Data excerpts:
Lemma walk_chain_backtrack u a delta x : walk_chain r u [:: a; rev_arc a] delta x = 0.
Proof.
rewrite /= (same_vertex_eqv (pi_eqv_backtrack u a)).
case: a => y [] /=; rewrite !xpair_eqE /= ?andbT ?andbF;
  by case: (y == x); case: same_vertex; rewrite /= ?subrr ?subr0 ?sub0r ?addrN ?addNr.
Qed.

Lemma face_chain_cat L1 L2 delta x :
  face_chain r (L1 ++ L2) delta x = face_chain r L1 delta x + face_chain r L2 delta x.
Proof. by rewrite /face_chain big_cat. Qed.

Lemma face_chain_opp L delta x :
  face_chain r [seq (p.1, - p.2) | p <- L] delta x = - face_chain r L delta x.
Proof. by rewrite /face_chain big_map -sumrN; apply: eq_bigr => p _; rewrite mulNr. Qed.

Lemma pi_eqv_bounded w1 w2 : pi_eqv r w1 w2 -> exists L, forall delta x,
  face_chain r L delta x = walk_chain r [::] w1 delta x - walk_chain r [::] w2 delta x.
Proof.
elim=> [w1' w2' [u v a | u v] | w | w1' w2' _ [L IH] | w1' w2' w3 _ [L1 IH1] _ [L2 IH2]].
- exists [::] => delta x; rewrite /face_chain big_nil.
  rewrite -[_ :: _]/([:: a; rev_arc a] ++ v) !walk_chain_cat walk_chain_backtrack add0r.
  rewrite (@walk_chain_eqv (_ ++ _) u) ?subrr //.
  by rewrite cat0s -cat_rcons cats1; apply: pi_eqv_backtrack.
- exists [:: (u, 1%:Z)] => delta x.
  rewrite /face_chain big_seq1 mul1r !walk_chain_cat /= (@walk_chain_eqv (u ++ r) u).
    by rewrite addrCA addrK.
  exact: pi_eqv_relator.
- by exists [::] => delta x; rewrite /face_chain big_nil subrr.
- by exists [seq (p.1, - p.2) | p <- L] => delta x; rewrite face_chain_opp IH opprB.
- by exists (L1 ++ L2) => delta x; rewrite face_chain_cat IH1 IH2 addrA subrK.
Qed.

Lemma closed_walk_bounded gamma s :
  pi_eqv r (gamma ++ s) gamma -> exists L, bounds r L gamma s.
Proof.
move=> /pi_eqv_bounded[L HL]; exists L => delta x.
by rewrite HL walk_chain_cat cat0s addrC addKr.
Qed.

End UniversalCover.

Section Pairing.

Variables (R : realType) (g : nat) (r : seq (arcT g)).
Variables (alpha : seq (arcT g) -> R) (eta : arcT g -> R).
Hypothesis alpha_eqv : forall u v, pi_eqv r u v -> alpha u = alpha v.
Hypothesis etaN : forall a, eta (rev_arc a) = - eta a.

Definition edge_weight (d : seq (arcT g)) (x : 'I_(2 * g)) : R :=
  (alpha d + alpha (rcons d ((x, true) : arcT g))) / 2 * eta (x, true).
(* Each summand pays for the increment of H over [ln(x/(m+1)), ln(x/m)] up to the
   telescoping error (c - 2 k) (1/m - 1/(m+1)). *)
Lemma rsum_log_term_ge_partial h H c k x m :
  c <= 0 -> 0 <= k -> (forall u, 0 <= u -> c <= h u) ->
  (forall a b, 0 <= b <= a -> H a - H b <= (a - b) * h a + k * ((a - b) * (a - b))) ->
  INR (S m) <= x ->
  H (ln x) - H (ln x - ln (INR (S m))) + (c - 2 * k) * (1 - / INR (S m))
    <= rsum (log_term h x) m.
Proof.
  intros Hc Hk Hh HH. induction m as [|m IH]; intros Hx.
  - simpl. rewrite ln_1, Rinv_1, Rminus_0_r. lra.
  - change (rsum (log_term h x) (S m))
      with (rsum (log_term h x) m + / INR (S m) * h (ln x - ln (INR (S m)))).
    assert (Hm : INR (S m) <= x) by (rewrite S_INR in Hx; lra).
    specialize (IH Hm).
    pose proof (ln_succ_sub_bounds (S m) ltac:(lia)) as Hln.
    pose proof (ln_sub_ln_nonneg x (S (S m)) ltac:(lia) Hx) as Hb.
    assert (Hr : 1 <= INR (S m)) by (apply (le_INR 1); lia).
    pose proof (inv_sq_le_telescope (INR (S m)) Hr) as Hsq.
    rewrite <- S_INR, Rinv_mult in Hsq.
    assert (0 < / INR (S (S m))) by (apply Rinv_0_lt_compat, lt_0_INR; lia).
    set (a := ln x - ln (INR (S m))) in *. set (b := ln x - ln (INR (S (S m)))) in *.
    assert (Hab : a - b = ln (INR (S (S m))) - ln (INR (S m))) by (unfold a, b; ring).
    pose proof (HH a b ltac:(lra)) as HHab. pose proof (Hh a ltac:(lra)) as Hha.
    set (u := / INR (S m)) in *. set (v := / INR (S (S m))) in *.
    assert (0 <= (u - (a - b)) * (h a - c)) by (apply Rmult_le_pos; lra).
    assert (c * ((a - b) - v) <= 0) by (apply Rmult_le_0_r; lra).
    assert ((a - b) * (a - b) <= u * u) by (apply Rmult_le_compat; lra).
    assert (k * ((a - b) * (a - b)) <= k * (2 * (u - v))) by (apply Rmult_le_compat_l; lra).
    nra.
Qed.

Lemma rsum_log_term_ge h H c k x M :
  c <= 0 -> 0 <= k -> (forall u, 0 <= u -> c <= h u) ->
  (forall a b, 0 <= b <= a -> H a - H b <= (a - b) * h a + k * ((a - b) * (a - b))) ->
  INR M <= x -> (1 <= M)%nat ->
  H (ln x) - H (ln x - ln (INR M)) + c - 2 * k <= rsum (log_term h x) M.
Proof.
  intros Hc Hk Hh HH Hx HM. destruct M as [|m]; [lia |].
  pose proof (rsum_log_term_ge_partial h H c k x m Hc Hk Hh HH Hx) as Hpart.
  change (rsum (log_term h x) (S m))
    with (rsum (log_term h x) m + / INR (S m) * h (ln x - ln (INR (S m)))).
  pose proof (Hh _ (ln_sub_ln_nonneg x (S m) HM Hx)) as Hhb.
  assert (1 <= INR (S m)) by (apply (le_INR 1); lia).
  assert (0 < / INR (S m) <= 1) by (split; [apply Rinv_0_lt_compat; lra | rewrite <- Rinv_1; apply Rinv_le_contravar; lra]).
  assert (/ INR (S m) * c <= / INR (S m) * h (ln x - ln (INR (S m))))
    by (apply Rmult_le_compat_l; lra).
  nra.
Qed.

Definition nat_floor (x : R) (M : nat) := 1 <= x /\ INR M <= x < INR M + 1.

Lemma nat_floor_pos x M : nat_floor x M -> (1 <= M)%nat.
Proof. intros [Hx [_ HxM]]. destruct M; [simpl in HxM; lra | lia]. Qed.

Lemma nat_floor_ln_gap x M : nat_floor x M -> 0 <= ln x - ln (INR M) <= 1.
Proof.
  intros Hf. pose proof (nat_floor_pos _ _ Hf). destruct Hf as [Hx [HMx HxM]].
  assert (1 <= INR M) by (apply (le_INR 1); auto).
  split; [apply ln_sub_ln_nonneg; auto |].
  assert (Hx2 : x <= 2 * INR M) by lra.
  pose proof (ln_le x (2 * INR M) ltac:(lra) Hx2) as Hl. rewrite ln_mult in Hl by lra.
  pose proof (ln_le_sub_1 2 ltac:(lra)). lra.
Qed.

Lemma nat_floor_div x M n : nat_floor x M -> (1 <= n <= M)%nat ->
  nat_floor (x / INR n) (M / n) /\ ln (x / INR n) = ln x - ln (INR n).
Proof.
  intros Hf Hn. pose proof (nat_floor_pos _ _ Hf). destruct Hf as [Hx [HMx HxM]].
  assert (1 <= INR n) by (apply (le_INR 1); lia).
  assert (INR n <= INR M) by (apply le_INR; lia).
  split; [| apply ln_div; lra].
  pose proof (Nat.div_mod M n ltac:(lia)). pose proof (Nat.mod_upper_bound M n ltac:(lia)).
  assert (Hlo : (n * (M / n) <= M)%nat) by lia.
  assert (Hhi : (M + 1 <= n * (M / n + 1))%nat) by lia.
  apply le_INR in Hlo, Hhi. rewrite !mult_INR, !plus_INR in *. simpl INR in Hhi.
  assert (Hv : INR n * / INR n = 1) by (field; lra).
  assert (0 < / INR n) by (apply Rinv_0_lt_compat; lra).
  unfold nat_floor, Rdiv. set (q := INR (M / n)) in *. set (v := / INR n) in *.
  repeat split; nra.
Qed.

Definition Dsum_le (k : nat) (p : R -> R) :=
  forall x M, nat_floor x M -> INR (Dsum k M) <= x * p (ln x).

Definition Dsum_ge (k : nat) (p : R -> R) :=
  forall x M, nat_floor x M -> x * p (ln x) <= INR (Dsum k M).

(* Bounding each D_k(M / n) by (x / n) h(ln(x / n)) makes D_{k+1}(M) / x a sum of log_terms. *)
Lemma Dsum_S_le k h H : Dsum_le k h ->
  (forall u, 0 <= u -> 0 <= h u) ->
  (forall a b, 0 <= b <= a -> (a - b) * h b <= H a - H b) ->
  forall x M, nat_floor x M ->
  INR (Dsum (S k) M) <= x * (h (ln x) + H (ln x) - H (ln x - ln (INR M))).
Proof.
  intros Hk Hh HH x M Hf. pose proof (nat_floor_pos _ _ Hf) as HM.
  cbn [Dsum]. rewrite INR_sum_from_1.
  eapply Rle_trans.
  2:{ apply Rmult_le_compat_l; [destruct Hf; lra |]. apply rsum_log_term_le; auto; apply Hf. }
  rewrite <- rsum_scal_l. apply rsum_le. intros n Hn.
  destruct (nat_floor_div x M n Hf Hn) as [Hfn Hln].
  specialize (Hk _ _ Hfn). rewrite Hln in Hk.
  unfold log_term. unfold Rdiv in Hk. lra.
Qed.

Lemma Dsum_S_ge k h H c kk : Dsum_ge k h -> c <= 0 -> 0 <= kk ->
  (forall u, 0 <= u -> c <= h u) ->
  (forall a b, 0 <= b <= a -> H a - H b <= (a - b) * h a + kk * ((a - b) * (a - b))) ->
  forall x M, nat_floor x M ->
  x * (H (ln x) - H (ln x - ln (INR M)) + c - 2 * kk) <= INR (Dsum (S k) M).
Proof.
  intros Hk Hc Hkk Hh HH x M Hf. pose proof (nat_floor_pos _ _ Hf) as HM.
  cbn [Dsum]. rewrite INR_sum_from_1.
  eapply Rle_trans.
  { apply Rmult_le_compat_l; [destruct Hf; lra |]. apply (rsum_log_term_ge h H c kk); auto; apply Hf. }
  rewrite <- rsum_scal_l. apply rsum_le. intros n Hn.
  destruct (nat_floor_div x M n Hf Hn) as [Hfn Hln].
  specialize (Hk _ _ Hfn). rewrite Hln in Hk.
  unfold log_term. unfold Rdiv in Hk. lra.
Qed.

Lemma Dsum1_le : Dsum_le 1 (fun _ => 1).
Proof. intros x M Hf. rewrite Dsum_1. destruct Hf; lra. Qed.

Lemma Dsum2_le : Dsum_le 2 (fun u => 1 + u).
Proof.
  intros x M Hf. pose proof (nat_floor_ln_gap _ _ Hf).
  pose proof (Dsum_S_le 1 (fun _ => 1) (fun u => u) Dsum1_le
    ltac:(intros; lra) ltac:(intros; lra) x M Hf) as Hstep.
  destruct Hf as [Hx _]. nra.
Qed.

Lemma Dsum3_le : Dsum_le 3 (fun u => 1 + 2 * u + u * u / 2).
Proof.
  intros x M Hf. pose proof (nat_floor_ln_gap _ _ Hf).
  pose proof (Dsum_S_le 2 (fun u => 1 + u) (fun u => u + u * u / 2) Dsum2_le
    ltac:(intros; lra) ltac:(intros; nra) x M Hf) as Hstep.
  cbv beta in Hstep. set (t := ln x - ln (INR M)) in *.
  destruct Hf as [Hx _].
  assert (0 <= x * (t + t * t / 2)) by (apply Rmult_le_pos; nra).
  nra.
Qed.

Lemma Dsum4_le : Dsum_le 4 (fun u => 1 + 3 * u + 3 * (u * u) / 2 + u * u * u / 6).
Proof.
  intros x M Hf. pose proof (nat_floor_ln_gap _ _ Hf).
  assert (HH : forall a b, 0 <= b <= a -> (a - b) * (1 + 2 * b + b * b / 2)
    <= (a + a * a + a * a * a / 6) - (b + b * b + b * b * b / 6)).
  { intros a b Hab. assert (0 <= (a - b) * (a + 2 * b)) by nra.
    assert (0 <= (a - b) * ((a - b) + (a - b) * (a + 2 * b) / 6)) by (apply Rmult_le_pos; nra).
    nra. }
  pose proof (Dsum_S_le 3 _ _ Dsum3_le ltac:(intros; nra) HH x M Hf) as Hstep.
  cbv beta in Hstep. set (t := ln x - ln (INR M)) in *.
  destruct Hf as [Hx _].
  assert (0 <= t * t * t) by (apply Rmult_le_pos; nra).
  assert (0 <= x * (t + t * t + t * t * t / 6)) by (apply Rmult_le_pos; nra).
  nra.
Qed.

Lemma Dsum2_ge : Dsum_ge 2 (fun u => u - 2).
Proof.
  intros x M Hf. pose proof (nat_floor_ln_gap _ _ Hf). pose proof (nat_floor_pos _ _ Hf) as HM.
  change (Dsum 2 M) with (sum_from_1 (fun n => Dsum 1 (M / n)) M). rewrite INR_sum_from_1.
  apply Rle_trans with (rsum (fun n => x * log_term (fun _ => 1) x n - 1) M).
  2:{ apply rsum_le. intros n Hn. destruct (nat_floor_div x M n Hf Hn) as [[_ [_ Hlt]] _].
      rewrite Dsum_1. unfold log_term, Rdiv in *. lra. }
  rewrite rsum_minus, rsum_const_1, rsum_scal_l.
  pose proof (rsum_log_term_ge (fun _ => 1) (fun u => u) 0 0 x M ltac:(lra) ltac:(lra)
    ltac:(intros; lra) ltac:(intros; lra) ltac:(apply Hf) HM) as Hsum.
  destruct Hf as [Hx [HMx _]].
  assert (x * (ln x - 1) <= x * rsum (log_term (fun _ => 1) x) M)
    by (apply Rmult_le_compat_l; lra).
  lra.
Qed.

Lemma Dsum3_ge : Dsum_ge 3 (fun u => u * u / 2 - 2 * u - 2).
Proof.
  intros x M Hf. pose proof (nat_floor_ln_gap _ _ Hf).
  pose proof (Dsum_S_ge 2 (fun u => u - 2) (fun u => u * u / 2 - 2 * u) (-2) 0 Dsum2_ge
    ltac:(lra) ltac:(lra) ltac:(intros; lra) ltac:(intros; nra) x M Hf) as Hstep.
  cbv beta in Hstep. set (t := ln x - ln (INR M)) in *.
  destruct Hf as [Hx _].
  assert (x * (t * t / 2 - 2 * t) <= 0) by (apply Rmult_le_0_l; nra).
  nra.
Qed.

Lemma Dsum4_ge : Dsum_ge 4 (fun u => u * u * u / 6 - u * u - 2 * u - 7).
Proof.
  intros x M Hf. pose proof (nat_floor_ln_gap _ _ Hf).
  assert (HH : forall a b, 0 <= b <= a ->
    (a * a * a / 6 - a * a - 2 * a) - (b * b * b / 6 - b * b - 2 * b)
    <= (a - b) * (a * a / 2 - 2 * a - 2) + 1 * ((a - b) * (a - b))).
  { intros a b Hab. assert (0 <= ((a - b) * (a - b)) * (2 * a + b)) by (apply Rmult_le_pos; nra).
    nra. }
  assert (Hh : forall u, 0 <= u -> -4 <= u * u / 2 - 2 * u - 2).
  { intros u _. pose proof (Rle_0_sqr (u - 2)). unfold Rsqr in *. lra. }
  pose proof (Dsum_S_ge 3 _ _ (-4) 1 Dsum3_ge ltac:(lra) ltac:(lra) Hh HH x M Hf) as Hstep.
  cbv beta in Hstep. set (t := ln x - ln (INR M)) in *.
  destruct Hf as [Hx _].
  assert (t * t * t <= 1) by (assert (t * t <= 1) by nra; nra).
  assert (x * (t * t * t / 6 - t * t - 2 * t) <= x) by nra.
  nra.
Qed.

Lemma INR_div_le N b : (1 <= b)%nat -> INR (N / b) <= INR N / INR b.
Proof.
  intros Hb. assert (Hle : (b * (N / b) <= N)%nat) by apply Nat.Div0.mul_div_le.
  apply le_INR in Hle. rewrite mult_INR in Hle.
  assert (1 <= INR b) by (apply (le_INR 1); auto).
  apply (Rmult_le_reg_l (INR b)); [lra |]. unfold Rdiv. rewrite <- Rmult_assoc.
  rewrite (Rmult_comm (INR b) (INR N)), Rmult_assoc, Rinv_r, Rmult_1_r by lra. exact Hle.
Qed.

Lemma sum3_div_sq_le N :
  INR (sum3 (fun x y z => N / (x * y * z * (x * y * z)))%nat N) <= 8 * INR N.
Proof.
  pose proof (pos_INR N).
  unfold sum3. rewrite INR_sum_from_1.
  eapply Rle_trans; [apply (rsum_le_inv_sq (4 * INR N)); [lra |] | lra].
  intros x Hx. rewrite INR_sum_from_1.
  assert (1 <= INR x) by (apply (le_INR 1); lia).
  eapply Rle_trans; [apply (rsum_le_inv_sq (2 * INR N / (INR x * INR x))) |].
  { apply Rmult_le_pos; [lra | apply Rlt_le, Rinv_0_lt_compat; nra]. }
  2:{ right. field. lra. }
  intros y Hy. rewrite INR_sum_from_1.
  assert (1 <= INR y) by (apply (le_INR 1); lia).
  eapply Rle_trans; [apply (rsum_le_inv_sq (INR N / (INR x * INR x) / (INR y * INR y))) |].
  { unfold Rdiv. repeat apply Rmult_le_pos; try lra; apply Rlt_le, Rinv_0_lt_compat; nra. }
  2:{ right. field. lra. }
  intros z Hz.
  assert (1 <= INR z) by (apply (le_INR 1); lia).
  eapply Rle_trans; [apply INR_div_le |].
  - pose proof (prod3_pos x y z ltac:(lia) ltac:(lia) ltac:(lia)). nia.
  - right. rewrite !mult_INR. field. repeat split; lra.
Qed.

Lemma nat_floor_INR N : (1 <= N)%nat -> nat_floor (INR N) N.
Proof. intros HN. assert (1 <= INR N) by (apply (le_INR 1); auto). unfold nat_floor; lra. Qed.
Lemma eballs_bigcup (T : eqType) (W : seq T) (A : T -> set V) (N s : R) :
  (forall w, w \in W -> exists c : seq V, (size c)%:R <= N /\ A w `<=` eballs c s) ->
  exists c : seq V, (size c)%:R <= (size W)%:R * N /\
    \bigcup_(w in [set w | w \in W]) A w `<=` eballs c s.
Proof.
elim: W => [|w W IH] coverA; first by exists [::]; split; [rewrite mul0r | move=> y []].
have [c1 [c1N c1A]] := coverA w (mem_head w W).
have [c2 [c2N c2A]] : exists c, (size c)%:R <= (size W)%:R * N /\
    \bigcup_(v in [set v | v \in W]) A v `<=` eballs c s.
  by apply: IH => v vW; apply: coverA; rewrite inE vW orbT.
exists (c1 ++ c2); split.
  by rewrite size_cat natrD /= -natr1 mulrDl mul1r addrC lerD.
move=> y [v /=]; rewrite inE => /predU1P[-> /c1A | vW Avy].
  by case=> z zc1 zy; exists z; rewrite //= mem_cat zc1.
have [z zc2 zy] := c2A y (ex_intro2 _ _ v vW Avy).
by exists z; rewrite //= mem_cat zc2 orbT.
Qed.

Lemma assouad_dim_lt (E : set V) (a : R) :
  (assouad_dim E < a%:E)%E -> exists2 lam, 0 < lam < a & assouad_cover E lam.
Proof.
case/ereal_inf_lt => _ [lam [lam_gt0 coverE] <-]; rewrite lte_fin => lam_lt.
by exists lam; rewrite ?lam_gt0.
Qed.

Lemma assouad_cover_below_diam (E : set V) (lam : R) : 0 <= lam -> assouad_cover E lam ->
  exists2 K, 1 <= K & forall w, E w -> forall r s t : R, 0 < s -> s <= t -> r <= t ->
    (r%:E < ediam E)%E ->
    exists c : seq V, (size c)%:R <= K * powR (t / s) lam /\ eball w r `&` E `<=` eballs c s.
Proof.
move=> lam_ge0 [C coverC]; exists (Num.max C 1); first by rewrite le_max lexx orbT.
move=> w Ew r s t s_gt0 st rt r_lt_diam.
have [sr|rs] := leP s r.
  have [c [_ [cC coverc]]] := coverC w Ew s r s_gt0 sr r_lt_diam.
  have C_le : C <= Num.max C 1 by rewrite le_max lexx.
  exists c; split => //; apply: (le_trans cC); apply: le_trans (ler_wpM2r (powR_ge0 _ _) C_le) _.
  apply: ler_wpM2l; first by rewrite le_max ler01 orbT.
  by apply: ge0_ler_powR; rewrite ?nnegrE ?divr_ge0 ?ler_pM2r ?invr_gt0 //; lra.
exists [:: w]; split; first by rewrite mulr_ege1 ?le_max ?lexx ?orbT ?powR_ge1 ?ler_pdivlMr ?mul1r.
by move=> y [wy _]; exists w; rewrite /= ?mem_head // /eball /= (lt_trans wy rs).
Qed.

Lemma ediam_half_net (E : set V) : closed E ->
  exists W : seq V, (forall w, w \in W -> E w) /\
    forall dl : R, ediam E = dl%:E -> 0 < dl -> E `<=` eballs W (dl / 2).
Proof.
move=> closedE.
have [[z0 Ez0 [dl Edl dl_gt0]]|nonpos] :=
  pselect (exists2 z0, E z0 & exists2 dl : R, ediam E = dl%:E & 0 < dl); last first.
  exists [::]; split => // dl Edl dl_gt0 z Ez.
  by exfalso; apply: nonpos; exists z => //; exists dl.
have bounded z : E z -> edist z0 z <= dl.
  by move=> Ez; rewrite -lee_fin -Edl ediam_ge_edist.
have [W [WE coverW]] :=
  closed_bounded_finite_net (divr_gt0 dl_gt0 (ltr0Sn _ 1)) closedE bounded.
by exists W; split => // dl'; rewrite Edl => -[<-].
Qed.

(* The covering condition of [assouad_cover], at every scale and not only below diam E. *)
Definition uniform_cover (E : set V) (K lam : R) :=
  forall w, E w -> forall s t : R, 0 < s -> s <= t ->
    exists c : seq V, (size c)%:R <= K * powR (t / s) lam /\ eball w t `&` E `<=` eballs c s.

Lemma uniform_cover_of_assouad (E : set V) (lam : R) : closed E -> 0 <= lam ->
  assouad_cover E lam -> exists2 K, 0 < K & uniform_cover E K lam.
Proof.
move=> closedE lam_ge0 /(assouad_cover_below_diam lam_ge0)[K K_ge1 coverK].
have [W [WE netW]] := ediam_half_net closedE.
have WK_ge1 : 1 <= ((size W)%:R + 1) * K by rewrite mulr_ege1 // lerDr.
exists (((size W)%:R + 1) * K) => [|w Ew s t s_gt0 st]; first exact: lt_le_trans WK_ge1.
have [t_lt_diam|diam_le_t] := ltP t%:E (ediam E).
  have [c [cK coverc]] := coverK w Ew t s t s_gt0 st (lexx t) t_lt_diam.
  exists c; split => //; apply: (le_trans cK); rewrite ler_wpM2r ?powR_ge0 //.
  by rewrite ler_peMl ?lerDr // (le_trans ler01).
have := ediam_ge_edist Ew Ew; rewrite edistxx.
case Edl: (ediam E) diam_le_t => [dl| |] //; rewrite !lee_fin => dl_le_t dl_ge0.
have [dl_gt0|dl_le0] := ltP 0 dl.
  have [|c [cK coverc]] :=
    @eballs_bigcup _ W (fun v => eball v (dl / 2) `&` E) (K * powR (t / s) lam) s.
    move=> v vW; apply: coverK (WE v vW) _ _ _ s_gt0 st _ _; first lra.
    by rewrite Edl lte_fin; lra.
  exists c; split.
    apply: (le_trans cK); rewrite mulrA ler_wpM2r ?powR_ge0 // ler_wpM2r ?lerDl //.
    exact: le_trans ler01 K_ge1.
  move=> y [_ Ey]; apply: coverc; have [v vW yv] := netW dl Edl dl_gt0 y Ey.
  by exists v.
exists [:: w]; split; first by rewrite mulr_ege1 ?powR_ge1 ?ler_pdivlMr ?mul1r.
move=> y [_ Ey]; exists w; rewrite /= ?mem_head // /eball /=.
by have := ediam_ge_edist Ew Ey; rewrite Edl lee_fin; lra.
Qed.

Lemma leb_measure_near_le (E : set V) (K lam : R) x (r s : R) : (0 < d)%N -> 0 <= K ->
  uniform_cover E K lam -> 0 < r -> 0 < s ->
  (leb_measure [set y | eball x r y /\ exists2 w, E w & (edist y w < s)%R] <=
    (K * powR (4 * Num.max s r / s) lam * (4 * s) ^+ d)%:E)%E.
Proof.
move=> d_gt0 K_ge0 coverE r_gt0 s_gt0.
set rho := Num.max s r; set S := [set y | _].
have [s_le_rho r_le_rho] : s <= rho /\ r <= rho by rewrite !le_max !lexx orbT.
have [[y0 [xy0 [w0 Ew0 y0w0]]]|noS] := pselect (exists y, S y); last first.
  have S0 : S `<=` eballs [::] 0 by move=> y Sy; exfalso; apply: noS; exists y.
  apply: le_trans (leb_measure_le S0) _; apply: le_trans (leb_measure_eballs _ d_gt0 (lexx 0)) _.
  by rewrite mul0r lee_fin !mulr_ge0 ?powR_ge0 ?exprn_ge0 ?mulr_ge0 // ltW.
have s_le_4rho : s <= 4 * rho by lra.
have [c [cK coverc]] := coverE w0 Ew0 s (4 * rho) s_gt0 s_le_4rho.
have S_cover : S `<=` eballs c (2 * s).
  move=> y [xy [w Ew yw]].
  have w0w : edist w0 w < 4 * rho.
    have := edist_triangle w0 y0 w; have := edist_triangle y0 x w; have := edist_triangle x y w.
    rewrite (edistC w0 y0) (edistC y0 x) /eball /= in xy0 xy *; lra.
  have [z zc zw] := coverc w (conj w0w Ew); exists z => //.
  by have := edist_triangle z w y; rewrite /eball /= (edistC w y) in zw *; lra.
apply: le_trans (leb_measure_le S_cover) _; apply: le_trans (leb_measure_eballs _ d_gt0 _) _.
  by rewrite mulr_ge0 // ltW.
rewrite lee_fin (_ : 2 * (2 * s) = 4 * s); last by ring.
by rewrite ler_wpM2r ?exprn_ge0 ?mulr_ge0 // ltW.
Qed.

- TASK REQUIREMENTS -
Only the lines above from the line containing "pose proof (Hh _" through the line containing "Definition nat_floor (x" should be retyped, exactly and with both ends included.

- SOLUTION TO THIS PROBLEM -
  pose proof (Hh _ (ln_sub_ln_nonneg x (S m) HM Hx)) as Hhb.
  assert (1 <= INR (S m)) by (apply (le_INR 1); lia).
  assert (0 < / INR (S m) <= 1) by (split; [apply Rinv_0_lt_compat; lra | rewrite <- Rinv_1; apply Rinv_le_contravar; lra]).
  assert (/ INR (S m) * c <= / INR (S m) * h (ln x - ln (INR (S m))))
    by (apply Rmult_le_compat_l; lra).
  nra.
Qed.

Definition nat_floor (x : R) (M : nat) := 1 <= x /\ INR M <= x < INR M + 1.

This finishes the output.